Has engaged in scaling up one inclusive business model (IBM) but has not shown evidence of its involvement in piloting any new IBMs that meet all inclusion criteria. AbbVie performs average in the use of IBMs aimed at meeting the access needs of populations at the base of the income pyramid (including other underserved populations) in LMICs. The Access to Care Program facilitates the availability of the company's HIV medications in LMICs in addition to providing continuing medical education in 15 African countries to increase treatment capacity, knowledge and clinical skills.
Shows average performance in terms of ensuring continuous supply of medicines in LMICs. AbbVie has a system in place to work with relevant stakeholders to communicate issues that may affect the supply chain, manages a buffer stock of relevant products, and works with several active pharmaceutical ingredient suppliers. However, there is no evidence that the company transfers technology to local manufacturers or is involved in supply chain capacity building initiatives that meet inclusion criteria for evaluation.
Has a case-by-case approach for reporting substandard and falsified (SF) medicines in countries in scope of the Index. AbbVie demonstrates evidence of reporting SF medicines to relevant regulatory authorities and the WHO, on a case-by-case basis.
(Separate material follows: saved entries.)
Lemma dephase_tens m k : dephase R (m * k) = sotens (dephase R m) (dephase R k).
Proof.
apply: superop_tens_ext => i j p q.
rewrite soapp_sotens !soapp_dephase; apply/matrixP => x y.
case: (mxtens_indexP x) => i' p'; case: (mxtens_indexP y) => j' q'.
rewrite tensmxE !mxE !mxtens_indexK /= !(inj_eq (can_inj (@mxtens_indexK _ _))) !xpair_eqE.
case: (i' == i); case: (i' == j); case: (i' == j'); case: (p' == p); case: (p' == q);
  case: (p' == q'); by rewrite /= ?mulr1n ?mulr0n ?mulr0 ?mul0r ?mulr1.
Qed.

End Tensor.

Section CompletePositivity.
Variable R : realType.
Local Notation C := (R[i]).

Definition qform n (x : 'cV[C]_n) (A : 'M[C]_n) : C :=
  ((map_mx Num.conj x)^T *m A *m x) 0 0.

Lemma qformE n (x : 'cV[C]_n) (A : 'M[C]_n) :
  qform x A = \sum_i \sum_j Num.conj (x i 0) * A i j * x j 0.
Proof.
rewrite /qform mxE; under eq_bigr => j _ do rewrite mxE mulr_suml.
rewrite exchange_big /=; apply: eq_bigr => i _; apply: eq_bigr => j _.
by rewrite !mxE.
Qed.

Lemma qformD n (x : 'cV[C]_n) A B : qform x (A + B) = qform x A + qform x B.
Proof. by rewrite /qform mulmxDr mulmxDl mxE. Qed.

Lemma qformZ n (x : 'cV[C]_n) a A : qform x (a *: A) = a * qform x A.
Proof. by rewrite /qform -scalemxAr -scalemxAl mxE. Qed.

Lemma psd0 n : psdmx (0 : 'M[C]_n).
Proof. by move=> x; rewrite mulmx0 mul0mx mxE. Qed.

Lemma psdD n (A B : 'M[C]_n) : psdmx A -> psdmx B -> psdmx (A + B).
Proof.
by move=> psdA psdB x; rewrite -/(qform x _) qformD addr_ge0 //; [apply: psdA | apply: psdB].
Qed.

Lemma psdZ n (a : C) (A : 'M[C]_n) : 0 <= a -> psdmx A -> psdmx (a *: A).
Proof. by move=> a_ge0 psdA x; rewrite -/(qform x _) qformZ mulr_ge0 //; apply: psdA. Qed.

Lemma psd_sum n I (r : seq I) (P : pred I) (F : I -> 'M[C]_n) :
  (forall i, P i -> psdmx (F i)) -> psdmx (\sum_(i <- r | P i) F i).
Proof.
move=> psdF; elim/big_rec: _ => [|i A Pi psdA]; first exact: psd0.
exact: psdD (psdF i Pi) psdA.
Qed.

Lemma psd_mxsub N M (s : 'I_N -> 'I_M) (Y : 'M[C]_M) :
  bijective s -> psdmx Y -> psdmx (mxsub s s Y).
Proof.
move=> [t st ts] psdY x; rewrite -/(qform x _).
have := psdY (\col_p x (t p) 0); rewrite -/(qform _ _) !qformE.
have bij_s : bijective s by exists t.
rewrite (reindex s (onW_bij _ bij_s)) /=.
under eq_bigr => i _ do rewrite (reindex s (onW_bij _ bij_s)) /=.
congr (0 <= _); apply: eq_bigr => i _; apply: eq_bigr => j _.
by rewrite !mxE !st.
Qed.

Definition reindex_op N M (s : 'I_N -> 'I_M) : superop R M N := lin_mx (mxsub s s).

Lemma soapp_reindex_op N M (s : 'I_N -> 'I_M) X : soapp (reindex_op s) X = mxsub s s X.
Proof. exact/lin_mx_app/linearP. Qed.

Definition ampl k m n (T : superop R m n) : superop R (k * m) (k * n) :=
  sotens (soid R k) T.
It does not disclose evidence, publicly or to the Index, that it requires reporting to occur within the timeframe of ten days looked for by the Index, nor does it provide evidence of shortened time frames for reporting cases which only require visual inspection to be confirmed.
Donates in response to expressed need and monitors delivery. AbbVie has public policies and supply processes in place to ensure ad hoc donations are carried out rapidly in response to expressed need, and it shows some evidence of monitoring the delivery of donations.
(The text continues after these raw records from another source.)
Theorem lemma4p6
  (T : nat) (alpha theta : R) (c : nat -> R) (K : nat -> R)
  (G : nat -> R -> R) (F : nat -> R -> R) (ED : nat -> R) (gamma : nat -> R)
  (Cm SU s S I Ibar : nat -> R) (H V : nat -> R -> R)
  (psi phi psib phib : nat -> R -> R -> R)
  (omega omegab : nat -> R -> R) (eta : nat -> R)
  (* model *)
  (hT : (2 <= T)%nat)
  (halpha : 0 < alpha <= 1)
  (htheta : 0 < theta)
  (hK : forall t, (t < T)%nat -> 0 <= K t)
  (hF : forall t, (t < T)%nat -> is_cdf_nonneg (F t))
  (hED : forall t, (t < T)%nat ->
     is_RInt_gen (fun x => 1 - F t x) (at_point 0) (Rbar_locally p_infty) (ED t))
  (* standing assumptions *)
  (hconv : forall t, (t < T)%nat -> convex_fun (Cfun alpha c G ED t))
  (hcoerp : forall t, (t < T)%nat -> is_lim (Cfun alpha c G ED t) p_infty p_infty)
  (hcoerm : forall t, (t < T)%nat -> is_lim (Cfun alpha c G ED t) m_infty p_infty)
  (hKdec : forall t, (t + 1 < T)%nat -> K t >= alpha * K (t + 1)%nat)
  (hgamma : forall t, (t < T)%nat -> 0 <= gamma t)
  (hlip : forall t, (t < T)%nat -> forall x y,
     Rabs (Cfun alpha c G ED t x - Cfun alpha c G ED t y) <= gamma t * Rabs (x - y))
  (* grid construction *)
  (hCm : forall t, (t < T)%nat ->
     is_least (fun y => forall x, Cfun alpha c G ED t y <= Cfun alpha c G ED t x) (Cm t))
  (hSU : forall t (n0 : Z), (t < T)%nat ->
     zg theta n0 < Cm t <= zg theta (n0 + 1) ->
     is_least (fun z => on_grid theta z /\ Cm t <= z /\
        Cfun alpha c G ED t z > Cfun alpha c G ED t (zg theta n0) + K t) (SU t))
  (hsT : s (T - 1)%nat <= Cm (T - 1)%nat /\
     Cfun alpha c G ED (T - 1)%nat (s (T - 1)%nat)
       = Cfun alpha c G ED (T - 1)%nat (Cm (T - 1)%nat) + K (T - 1)%nat)
  (hIbarT : Ibar (T - 1)%nat = s (T - 1)%nat)
  (hI : forall t, (t + 1 < T)%nat ->
     is_greatest (fun z => on_grid theta z /\ z < Rmin (Ibar (t + 1)%nat - theta) (Cm t)) (I t))
  (hIbar : forall t, (t + 1 < T)%nat ->
     is_greatest (fun z => on_grid theta z /\ z <= I t /\
        Cfun alpha c G ED t z > Cfun alpha c G ED t (I t) + K t) (Ibar t - theta))
  (hHT : forall y, H (T - 1)%nat y = Cfun alpha c G ED (T - 1)%nat y)
  (hST : S (T - 1)%nat = Cm (T - 1)%nat)
  (hV : forall t y, (t < T)%nat ->
     (y < s t -> V t y = H t (S t) + K t) /\ (s t <= y -> V t y = H t y))
  (hHcv : forall t y, (t + 1 < T)%nat ->
     ex_series (gsum_seq theta (F t) (fun n => V (t + 1)%nat (y - zg theta n))))
  (hH : forall t y, (t + 1 < T)%nat ->
     H t y = Cfun alpha c G ED t y
             + alpha * Series (gsum_seq theta (F t) (fun n => V (t + 1)%nat (y - zg theta n))))
  (hS : forall t, (t + 1 < T)%nat ->
     is_greatest (fun z => on_grid theta z /\ I t <= z <= SU t /\
        forall w, on_grid theta w -> I t <= w <= SU t -> H t z <= H t w) (S t))
  (hs0 : forall t, (t + 1 < T)%nat -> K t = 0 -> s t = S t)
  (hs : forall t, (t + 1 < T)%nat -> K t <> 0 ->
     is_least (fun z => on_grid theta z /\ Ibar t <= z <= S t /\
        H t z <= H t (S t) + K t) (s t))
  (* estimate functions *)
  (hpsiT : forall x y, psi (T - 1)%nat x y = gamma (T - 1)%nat * x)
  (hpsibT : forall x y, psib (T - 1)%nat x y = gamma (T - 1)%nat * x)
  (hphiT : forall x y, (y < s (T - 1)%nat -> phi (T - 1)%nat x y = 0) /\
     (s (T - 1)%nat <= y -> phi (T - 1)%nat x y = gamma (T - 1)%nat * x))
  (hphibT : forall x y, (y < s (T - 1)%nat -> phib (T - 1)%nat x y = 0) /\
     (s (T - 1)%nat <= y -> phib (T - 1)%nat x y = gamma (T - 1)%nat * x))
  (hpsi0 : forall t x y, (t + 1 < T)%nat -> y < s (t + 1)%nat - theta ->
     psi t x y = gamma t * x)
  (hpsi1 : forall t x y (n : Z), (t + 1 < T)%nat -> s (t + 1)%nat - theta <= y ->
     zg theta (n - 1) <= y - s (t + 1)%nat < zg theta n ->
     psi t x y = gamma t * x + alpha *
       sum_f_R0 (fun k => phi (t + 1)%nat x (y - zg theta (Z.of_nat k - 1))
                          * fprob theta (F t) (Z.of_nat k - 1)) (Z.to_nat n))
  (hpsib0 : forall t x y, (t + 1 < T)%nat -> y < s (t + 1)%nat - theta ->
     psib t x y = gamma t * x)
  (hpsib1 : forall t x y (n : Z), (t + 1 < T)%nat -> s (t + 1)%nat - theta <= y ->
     zg theta (n - 1) <= y - s (t + 1)%nat < zg theta n ->
     psib t x y = gamma t * x + alpha *
       sum_f_R0 (fun k => phib (t + 1)%nat x (y - zg theta (Z.of_nat k - 1))
                          * fprob theta (F t) (Z.of_nat k - 1)) (Z.to_nat n))
  (hphi : forall t x y, (t + 1 < T)%nat ->
     (y < s t -> phi t x y = 0) /\
     (s t <= y -> y - x < s t -> phi t x y = psi t (y - s t) y) /\
     (s t <= y -> s t <= y - x -> phi t x y = psi t x y))
  (hphib : forall t x y, (t + 1 < T)%nat ->
     (y < s t -> phib t x y = 0) /\
     (s t <= y -> y - x < s t -> phib t x y = psib t (y - s t + theta) y) /\
     (s t <= y -> s t <= y - x -> phib t x y = psib t x y))
  (* error-bound functions *)
  (homT : forall x, omega (T - 1)%nat x = 0)
  (hombT : forall x, omegab (T - 1)%nat x = 0)
  (hetaT : eta (T - 1)%nat = 0)
  (homcv : forall t x, (t + 1 < T)%nat ->
     ex_series (gsum_seq theta (F t) (fun n => omegab (t + 1)%nat (x - zg theta n))))
  (hom : forall t x, (t + 1 < T)%nat ->
     omega t x = psi t theta x - gamma t * theta
       + alpha * Series (gsum_seq theta (F t) (fun n => omegab (t + 1)%nat (x - zg theta n))))
  (heta : forall t, (t + 1 < T)%nat -> eta t = psib t theta (SU t) + omega t (SU t))
  (homb : forall t x, (t + 1 < T)%nat ->
     (x <= SU t -> omegab t x = eta t) /\
     (SU t < x -> omegab t x = Rmax (eta t) (omega t x)))
  : forall t, (t < T)%nat ->
      (forall x y, x <= y -> omega t x <= omega t y) /\
      (forall x y, x <= y -> omegab t x <= omegab t y).
Proof.
  assert (hf : forall t, (t < T)%nat -> forall n, 0 <= fprob theta (F t) n)
    by (intros t ht n; apply fprob_nonneg; [assumption|apply (hF t ht)]).
  assert (hpsi_step : forall t, (t + 1 < T)%nat -> mono2_nonneg (phi (t + 1)%nat) ->
                        mono2_nonneg (psi t)).
  { intros t ht hphi1.
    apply (psi_mono_of_phi theta alpha (gamma t) (s (t + 1)%nat) (F t) htheta
             ltac:(lra) (hgamma t ltac:(lia)) (hf t ltac:(lia)) (phi (t + 1)%nat) (psi t) hphi1).
    - intros x y hy. exact (hpsi0 t x y ht hy).
    - intros x y n hy hn. exact (hpsi1 t x y n ht hy hn). }
  assert (hphi_mono : forall t, (t < T)%nat -> mono2_nonneg (phi t)).
  { apply backward_induction.
    - exact (cutoff_linear_mono _ _ _ (hgamma (T - 1)%nat ltac:(lia)) hphiT).
    - intros t ht hphi1.
      apply (phi_mono_of_psi (s t) (psi t)).
      + now apply hpsi_step.
      + intros x y. exact (proj1 (hphi t x y ht)).
      + intros x y. exact (proj1 (proj2 (hphi t x y ht))).
      + intros x y. exact (proj2 (proj2 (hphi t x y ht))). }
  apply backward_induction.
  - split; intros x y _; rewrite ?homT, ?hombT; lra.
  - intros t ht [_ hob1].
    assert (hpsi_theta : nondecreasing (psi t theta)).
    { intros x y hxy.
      exact (proj2 (hpsi_step t ht (hphi_mono (t + 1)%nat ht) theta theta x y
                      ltac:(lra) hxy)). }
    assert (hom_t : nondecreasing (omega t)).
    { apply (omega_mono_step theta alpha (gamma t * theta) (F t) (psi t theta)
               (omegab (t + 1)%nat) (omega t) ltac:(lra) (hf t ltac:(lia)) hpsi_theta hob1).
      - intro x. exact (homcv t x ht).
      - intro x. exact (hom t x ht). }
    split; [exact hom_t|].
    exact (omegab_mono_step (SU t) (eta t) (omega t) (omegab t) hom_t (fun x => homb t x ht)).
Qed.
Has no long-term donation programmes for neglected tropical diseases or malaria that are eligible for analysis. However, AbbVie is engaged in other structured donation programmes such as the programme whereby it has been donating beractant (Survanta®) for infant respiratory distress syndrome to six countries in scope of the Index since 2015 through Direct Relief
All companies were assessed based on information that was valid in the latest period of analysis (ending at 31 May 2022). This data was either submitted by companies, found in the public domain or was accessible through other sources. The term LMICs is used to denote all low- and middle-income countries in scope of the Index, except when analysing companies’ access strategies where the use of LMIC refers to lower-middle income countries as per the World Bank income groups classification. Likewise, the terms LIC and UMIC refer to low income countries and upper-middle income countries.
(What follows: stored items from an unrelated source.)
(* Lebesgue integral over [a,b] of a function taking finitely many values on
   [a,b]: sum over the distinct values v of v * lambda({z in [a,b] | f z = v}) *)
Definition integral_fin (f : R -> R) (a b I : R) : Prop :=
  exists (vs ms : list R),
    NoDup vs /\ length ms = length vs /\
    (forall z, a <= z <= b -> In (f z) vs) /\
    (forall i, (i < length vs)%nat ->
       has_measure (fun z => a <= z <= b /\ f z = nth i vs 0) (nth i ms 0)) /\
    I = fold_right Rplus 0 (map (fun p => fst p * snd p) (combine vs ms)).

Definition lim_infty (f : R -> R) (l : R) : Prop :=
  forall eps, 0 < eps -> exists T, forall t, T <= t -> Rabs (f t - l) < eps.

Definition limsup_pos (f : R -> R) : Prop :=
  exists c, 0 < c /\ forall T, exists t, T <= t /\ c < f t.

(* vectors in R^Q are functions nat -> R, only coordinates q < Q matter *)
Definition vin (Q : nat) (v : nat -> R) (L : list (nat -> R)) : Prop :=
  exists w, In w L /\ forall q, (q < Q)%nat -> v q = w q.

Definition in_region (Q E : nat) (Sset : nat -> list (nat -> R))
    (pi : nat -> R) (rho : nat -> R) : Prop :=
  (forall q, (q < Q)%nat -> 0 <= rho q) /\
  exists phi : nat -> nat -> R,
    (forall e i, (e < E)%nat -> (i < length (Sset e))%nat -> 0 <= phi e i) /\
    (forall e, (e < E)%nat -> rsum (length (Sset e)) (phi e) = 1) /\
    (forall q, (q < Q)%nat ->
       rho q <= rsum E (fun e => pi e *
                 rsum (length (Sset e))
                   (fun i => phi e i * nth i (Sset e) (fun _ => 0) q))).

(* We prove the contrapositive.  Suppose limsup X_q(t)/t <= 0 for every queue
   q.  Since X_q >= 0, X_q(t)/t -> 0, hence the cumulative service
   D_q(t) = X_q(0) + N_q(t) - X_q(t) satisfies D_q(t)/t -> rho_q.  Splitting
   [0,t] by environment state e and by the service vector S^e_i in use gives
       D_q(t) = sum_e sum_i alloc^e_i(t) S^e_i(q),
       sum_i alloc^e_i(t) = time spent in state e in [0,t] ~ pi^e t,
   where alloc^e_i(t) is the Lebesgue measure of the times in [0,t] spent in
   state e using S^e_i.  The fractions alloc^e_i(t)/t lie in [0,1]; along a
   subsequence of times they converge, and their limits divided by pi^e are
   weights phi^e_i exhibiting rho in the region ([limit_in_region]). *)

From Stdlib Require Import Reals List Lra Lia Classical ClassicalEpsilon
  FunctionalExtensionality PropExtensionality Rtopology.
Open Scope R_scope.

Lemma rsum_ext n f g : (forall k, (k < n)%nat -> f k = g k) -> rsum n f = rsum n g.
Proof.
  revert f g; induction n as [|n IH]; intros f g H; simpl; [reflexivity|].
  rewrite (IH f g), H; auto.
Qed.

Lemma rsum_zero n : rsum n (fun _ => 0) = 0.
Proof. induction n as [|n IH]; simpl; [|rewrite IH]; lra. Qed.

Lemma rsum_shift n f : rsum (S n) f = f O + rsum n (fun k => f (S k)).
Proof. revert f; induction n as [|n IH]; intros f; simpl in *; [|rewrite IH; simpl]; lra. Qed.

Lemma rsum_plus n f g : rsum n (fun k => f k + g k) = rsum n f + rsum n g.
Proof. induction n as [|n IH]; simpl; [|rewrite IH]; lra. Qed.

Lemma rsum_scal n c f : c * rsum n f = rsum n (fun k => c * f k).
Proof. induction n as [|n IH]; simpl; [|rewrite <- IH]; lra. Qed.

Lemma rsum_div n c f : rsum n (fun k => f k / c) = rsum n f / c.
Proof. unfold Rdiv. rewrite Rmult_comm, rsum_scal. apply rsum_ext; intros; lra. Qed.

Lemma rsum_swap n m f :
  rsum n (fun j => rsum m (fun k => f j k)) = rsum m (fun k => rsum n (fun j => f j k)).
Proof.
  induction n as [|n IH]; simpl.
  - symmetry; apply rsum_zero.
  - rewrite IH, <- rsum_plus; reflexivity.
Qed.

Lemma rsum_single n f j0 :
  (j0 < n)%nat -> (forall k, (k < n)%nat -> k <> j0 -> f k = 0) -> rsum n f = f j0.
Proof.
  revert f; induction n as [|n IH]; intros f Hj H; [lia|]. simpl.
  destruct (Nat.eq_dec j0 n) as [->|Hne].
  - rewrite (rsum_ext n f (fun _ => 0)), rsum_zero by (intros; apply H; lia). lra.
  - rewrite H, (IH f) by (try lia; intros; apply H; lia). lra.
Qed.

Lemma fold_combine vs ms : length ms = length vs ->
  fold_right Rplus 0 (map (fun p => fst p * snd p) (combine vs ms)) =
  rsum (length vs) (fun j => nth j vs 0 * nth j ms 0).
Proof.
  revert ms; induction vs as [|v vs IH]; intros [|m ms] H; try discriminate; [reflexivity|].
  simpl in H. cbn [length combine map fold_right fst snd].
  rewrite IH, rsum_shift by lia. reflexivity.
Qed.

Lemma fraction_unit a t : 0 < t -> 0 <= a <= t -> 0 <= a / t <= 1.
Proof.
  intros Ht Ha. assert (Hi : 0 < / t) by (apply Rinv_0_lt_compat; lra).
  unfold Rdiv; split; [apply Rmult_le_pos; lra|].
  rewrite <- (Rinv_r t) by lra. apply Rmult_le_compat_r; lra.
Qed.

Lemma cv_const c : Un_cv (fun _ => c) c.
Proof. intros eps He; exists O; intros; unfold Rdist; rewrite Rminus_diag, Rabs_R0; lra. Qed.

Lemma cv_nonneg u l : (forall n, 0 <= u n) -> Un_cv u l -> 0 <= l.
Proof.
  intros Hu Hc. apply Rnot_lt_le; intros Hl.
  destruct (Hc (-l)) as [N HN]; [lra|]. specialize (HN N (le_n N)); specialize (Hu N).
  unfold Rdist in HN. rewrite Rabs_pos_eq in HN; lra.
Qed.

Lemma cv_rsum n (f : nat -> nat -> R) l :
  (forall k, (k < n)%nat -> Un_cv (f k) (l k)) ->
  Un_cv (fun m => rsum n (fun k => f k m)) (rsum n l).
Proof.
  revert f l; induction n as [|n IH]; intros f l H; simpl; [apply cv_const|].
  apply CV_plus; [apply IH; intros; apply H; lia | apply H; lia].
Qed.

Definition strictly_increasing (g : nat -> nat) : Prop := forall n, (g n < g (S n))%nat.

Lemma strictly_increasing_lt g :
  strictly_increasing g -> forall a b, (a < b)%nat -> (g a < g b)%nat.
Proof. intros Hg a b Hab; induction Hab; [apply Hg|]. specialize (Hg m); lia. Qed.

Lemma strictly_increasing_ge g : strictly_increasing g -> forall n, (n <= g n)%nat.
Proof. intros Hg n; induction n; [lia|]. specialize (Hg n); lia. Qed.

Lemma strictly_increasing_comp g h :
  strictly_increasing g -> strictly_increasing h -> strictly_increasing (fun n => g (h n)).
Proof. intros Hg Hh n. apply strictly_increasing_lt; auto. Qed.

Lemma cv_subseq u l g : strictly_increasing g -> Un_cv u l -> Un_cv (fun n => u (g n)) l.
Proof.
  intros Hg Hu eps He. destruct (Hu eps He) as [N HN]. exists N.
  intros n Hn. apply HN. pose proof (strictly_increasing_ge g Hg n). lia.
Qed.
In the 2021 Index, dense ranking was used. In the 2022 Index, standard competitive ranking is used. Therefore, a direct comparison with AbbVie's previous rank is not possible.
*50 diseases and 243 product gaps in scope have been established as a priority by global health stakeholders. For other diseases, the Index used a set of criteria to determine which projects in the pipeline offer a clear public health benefit to patients in LMICs. Only projects in the clinical phase of development were included for this analysis.
**Neglected tropical diseases, while also communicable, are highlighted separately throughout the Index.
***Other includes projects that have a technical lifecycle and projects that follow a different development cycle (e.g. diagnostics).
†Products included in the analysis were selected using a set of criteria determined by stakeholder consensus.
‡Other includes vector control products.